Bisnis.com, JAKARTA - Kedatangan calon emiten grup BUMN, PT Pertamina Geothermal Energy (PGE) dianggap memiliki prospek bisnis yang baik. Namun, saat berhadapan dengan pasar modal, sejumlah sentimen tetap mesti diperhatikan.
Pengamat Pasar Modal dari Asosiasi Analis Efek Indonesia Reza Priyambada menjelaskan secara bisnis dapat dikatakan geothermal atau panas bumi merupakan bisnis baru di mata investor.
"Termasuk juga di dunia industri dimana industri energi baru terbarukan [EBT] ini termasuk industri baru yang saat ini sedang dikembangkan untuk masa depan," paparnya kepada Bisnis, Jumat (14/1/2022).
Menurutnya, dengan asumsi semua industri paham dan mengerti akan pentingnya beralih ke EBT sehingga dapat mengurangi ketergantungan terhadap minyak bumi dan batubara, maka penggunaan geothermal dapat menjadi salah satu pilihan yang memiliki prospek baik.
Kendati demikian, Reza menergaskan jika terkait dengan sentimen saham PGE kembali ke berbagai faktor yang meliputi aksi initial public offering (IPO) tersebut.

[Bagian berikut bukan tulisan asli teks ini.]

Lemma exp_sub_1_sub_le (a : R) : Rabs a <= 1/2 -> Rabs (exp a - 1 - a) <= 2 * a ^ 2.
Proof.
  intros Ha. apply Rabs_le_between in Ha.
  pose proof (exp_ineq1_le a) as Hlow. pose proof (exp_ineq1_le (- a)) as Hneg.
  assert (Hinv : exp a * exp (- a) = 1) by (rewrite <- exp_plus, Rplus_opp_r; apply exp_0).
  assert (Hprod : exp a * (1 - a) <= 1).
  { rewrite <- Hinv. apply Rmult_le_compat_l; [apply Rlt_le, exp_pos | lra]. }
  rewrite Rabs_pos_eq by lra. nra.
Qed.

Lemma cos_sub_1_le (b : R) : Rabs b <= 1/2 -> Rabs (cos b - 1) <= b ^ 2 / 2.
Proof.
  intros Hb. apply Rabs_le_between in Hb. pose proof PI2_1.
  destruct (cos_bound b 0 ltac:(lra) ltac:(lra)) as [Hlow Hup].
  unfold cos_approx, cos_term in Hlow, Hup. simpl in Hlow, Hup.
  field_simplify in Hlow. field_simplify in Hup.
  assert (Hb2 : b ^ 2 <= 1/4) by nra. pose proof (pow2_ge_0 b).
  assert (b ^ 4 <= b ^ 2 / 4) by (replace (b ^ 4) with (b ^ 2 * b ^ 2) by ring; nra).
  apply Rabs_le. split; lra.
Qed.

Lemma sin_sub_le (b : R) : Rabs b <= 1/2 -> Rabs (sin b - b) <= b ^ 2 / 2.
Proof.
  assert (Hpos : forall x, 0 <= x <= 1/2 -> Rabs (sin x - x) <= x ^ 2 / 2).
  { intros x Hx. pose proof PI2_1.
    destruct (sin_bound x 0 ltac:(lra) ltac:(lra)) as [Hlow _].
    unfold sin_approx, sin_term in Hlow. simpl in Hlow. field_simplify in Hlow.
    assert (sin x <= x)
      by (destruct (Req_dec x 0) as [-> |]; [rewrite sin_0 | apply Rlt_le, sin_lt_x]; lra).
    apply Rabs_le. nra. }
  intros Hb. destruct (Rle_dec 0 b) as [Hb0|Hb0].
  - apply Hpos. apply Rabs_le_between in Hb. lra.
  - replace (sin b - b) with (- (sin (- b) - - b)) by (rewrite sin_neg; ring).
    rewrite Rabs_Ropp. replace (b ^ 2) with ((- b) ^ 2) by ring.
    apply Hpos. apply Rabs_le_between in Hb. lra.
Qed.

End RealBounds.

Local Open Scope C_scope.

Definition cexp (z : C) : C := (exp (Re z) * cos (Im z), exp (Re z) * sin (Im z))%R.

Lemma cexp_add (z w : C) : cexp (z + w) = cexp z * cexp w.
Proof.
  destruct z as [a b], w as [c d]. unfold cexp, Cplus, Cmult, Re, Im; simpl.
  rewrite exp_plus, cos_plus, sin_plus. f_equal; ring.
Qed.

Lemma cexp_0 : cexp 0 = 1.
Proof. unfold cexp, Re, Im, RtoC; simpl. rewrite exp_0, cos_0, sin_0. f_equal; ring. Qed.

Lemma cexp_neq_0 (z : C) : cexp z <> 0.
Proof.
  intros Hz. apply C1_nz.
  rewrite <- cexp_0, <- (Cplus_opp_r z), cexp_add, Hz. ring.
Qed.

Lemma cexp_opp (z : C) : cexp (- z) = / cexp z.
Proof.
  pose proof (cexp_neq_0 z) as Hz.
  rewrite <- (Cmult_1_l (/ cexp z)), <- cexp_0, <- (Cplus_opp_r z), cexp_add.
  field. exact Hz.
Qed.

"Ada faktor sentimen, persepsi, underwriter, hingga pihak-pihak tertentu yang memperdagangkan saham tersebut. Faktor-faktor ini tak bisa dihilangkan dalam konteks IPO ini," urainya.
Baca Juga
Sebelumnya, Kementerian BUMN menargetkan dapat melakukan penawaran umum perdana saham atau IPO PT Pertamina Geothermal Energy (PGE) pada semester I/2022.
Target dana yang ingin dicapai antara US$400 juta-500 juta atau setara Rp5,72 triliun-Rp7,15 triliun (estimasi kurs Rp14.300).
Wakil Menteri BUMN II Pahala Nugraha Mansury menjelaskan Indonesia tengah meningkatkan penggunaan sumber daya energi baru terbarukan (EBT).
Salah satu yang paling mudah dikembangkan yakni menggunakan geothermal, sehingga guna memaksimalkan potensi yang ada, Kementerian BUMN bakal melakukan IPO PGE guna mengumpulkan dana yang dibutuhkan.
"Kami harus kembangkan ground field, menurut kami geothermal punya potensi untuk dikembangkan, salah satu yang ingin kami kembangkan mengIPO-kan PGE ini," urainya.
Indonesia terangnya, sudah memiliki 1.900 megawatt pembangkit listrik berbasis EBT. Terdapat 672 megawatt yang diproduksi oleh Pertamina Geothermal Energy.
Dari pembangkit tenaga listrik yang sudah ada ini, terangnya, perlu meningkatkan kapasitasnya, karena menjadi yang paling utama dan paling mudah dikembangkan melalui optimalisasi yang sudah dimiliki.